Senate has quite a few new members this semester. As former senators yourselves, how are you and Safi working to initiate the new members?
I mean, we were all new once and there’s a sort of standard orientation shtick that’s given every year. For our part, though, and huge credit to Safi on this, we decided to focus a lot of attention on ways for us to take care of ourselves and ways we can act as a team. In previous semesters and years, we’ve seen an unacceptable amount of mental and emotional stress and burnout as basic par for the course for senators. At the end of the semester, you were so drained and miserable that it would be a miracle to pass your classes, let alone get anything done. This semester, when we were designing our orientation programming for senators (and our new treasurer and secretary!), we decided to highlight ways that we’ve found to take care of our minds and bodies so that we can actually work as a team all semester-long instead of ending up as hollow wrecks of the people we once were. We’re so lucky to have such a big new team, and we’re really excited to be working with Lennox, Nana, Jefferson, Mack, Nina, Wani, and Miles this semester, as well as our absolutely phenomenal returning senators and treasurers. New ideas and the energy that comes with fresh eyes and ideologies are the things that keep us moving forward and constantly excited to find better ways to make life at Reed better!
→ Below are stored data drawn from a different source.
(* Let $\mathcal{A}$ be a separating union-closed family with base set $[n]$, height $h$, and $h=|\mathcal{B}(\mathcal{A})|=4$. Then \[\mathrm{Avg}(\mathcal{A}) = \frac{\sum_{A\in\mathcal{A}}|A|}{|\mathcal{A}|} > \Big\lfloor \frac{n}{2} \Big\rfloor - 1.\]
   Context: A family of sets $\mathcal{A}$ is union-closed if it is a finite family of distinct finite sets with at least one nonempty member set, and $X,Y\in\mathcal{A}$ implies $X\cup Y\in\mathcal{A}$ (the empty set may be a member). For a family $\mathcal{F}$, $b(\mathcal{F})=\bigcup_{F\in\mathcal{F}}F$; the base set $b(\mathcal{A})$ is denoted $[n]=\{1,\dots,n\}$. $\mathcal{A}$ is separating if for any two distinct $x,y\in[n]$ there is $A\in\mathcal{A}$ containing exactly one of $x,y$. A chain in $\mathcal{A}$ is a subfamily any two distinct members of which are comparable under proper inclusion; the height $h$ of $\mathcal{A}$ is the maximum size of a chain in $\mathcal{A}$. For real $x\ge 0$, $\mathcal{A}_{<x}=\{A\in\mathcal{A} : |A|<x\}$. For $\mathcal{S}\subseteq\mathcal{A}$ and $S\in\mathcal{S}$, $\mathrm{irr}_{\mathcal{S}}(S)=\{s\in S : s\notin b(\mathcal{S}\setminus\{S\})\}$, and $\mathcal{S}$ is irredundant if $\mathrm{irr}_{\mathcal{S}}(S)\neq\emptyset$ for every $S\in\mathcal{S}$. Set $B=b(\mathcal{A}_{<n/2})$, and let $\mathcal{B}(\mathcal{A})$ denote any irredundant subfamily of $\mathcal{A}_{<n/2}$ of minimum size such that $b(\mathcal{B}(\mathcal{A}))=B$. *)

(* Families of subsets of [n] are modelled as
   {set {set 'I_n}} (element i : 'I_n stands for i+1). *)
From mathcomp Require Import all_boot all_order all_algebra.
Set Implicit Arguments. Unset Strict Implicit. Unset Printing Implicit Defensive.

Section Defs.
Variable T : finType.
Implicit Types (F S : {set {set T}}) (X Y : {set T}).

Definition bunion F : {set T} := \bigcup_(X in F) X.

Definition union_closed F : Prop :=
  (exists2 X, X \in F & X != set0) /\
  (forall X Y, X \in F -> Y \in F -> X :|: Y \in F).

Definition separating F : Prop :=
  forall x y : T, x \in bunion F -> y \in bunion F -> x != y ->
    exists2 X, X \in F & (x \in X) != (y \in X).

Definition is_chain (C : {set {set T}}) : bool :=
  [forall X in C, forall Y in C, (X != Y) ==> ((X \proper Y) || (Y \proper X))].

Definition height F : nat :=
  \max_(C in powerset F | is_chain C) #|C|.

(* F_{<x} with x = k/2, i.e. members A with |A| < k/2 *)
Definition below_half F (k : nat) : {set {set T}} :=
  [set X in F | (2 * #|X| < k)%N].

Definition irr S X : {set T} := X :\: bunion (S :\ X).

Definition irredundant S : bool := [forall X in S, irr S X != set0].

(* S is a valid choice of B(F) (w.r.t. base-set size k): an irredundant
   subfamily of F_{<k/2} with b(S) = b(F_{<k/2}), of minimum size among
   all such subfamilies. *)
Definition is_B F (k : nat) S : Prop :=
  [/\ S \subset below_half F k, irredundant S,
      bunion S = bunion (below_half F k) &
      forall S', S' \subset below_half F k -> irredundant S' ->
        bunion S' = bunion (below_half F k) -> (#|S| <= #|S'|)%N].

End Defs.

Definition avg (T : finType) (F : {set {set T}}) : rat :=
  ((\sum_(X in F) #|X|)%:R / (#|F|)%:R)%R.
What committees do you sit on? Also, are there any additional extracurricular programs you are a part of on campus?
As Safi mentioned, we both serve on committees and hold liaison positions. I serve on the HCC Committee, the Finance Committee, SCAPP (The Student Committee for Academic Policy & Planning), The AOD Committee, the Title IX committee, the Physical Plant Committee, the HUM 110 committee, and the Commencement Committee, as well as holding positions as the liaison to CEP (Conference and Events planning), and the Alumni Liaison. Off the clock, I’m on the clock at my other job as the Assistant Manager of the Student Union. Or, when I’m actually not working, these days I’m playing rugby with my newfound friends and teammates, running, taking photos, or trying to spend a little time off-campus.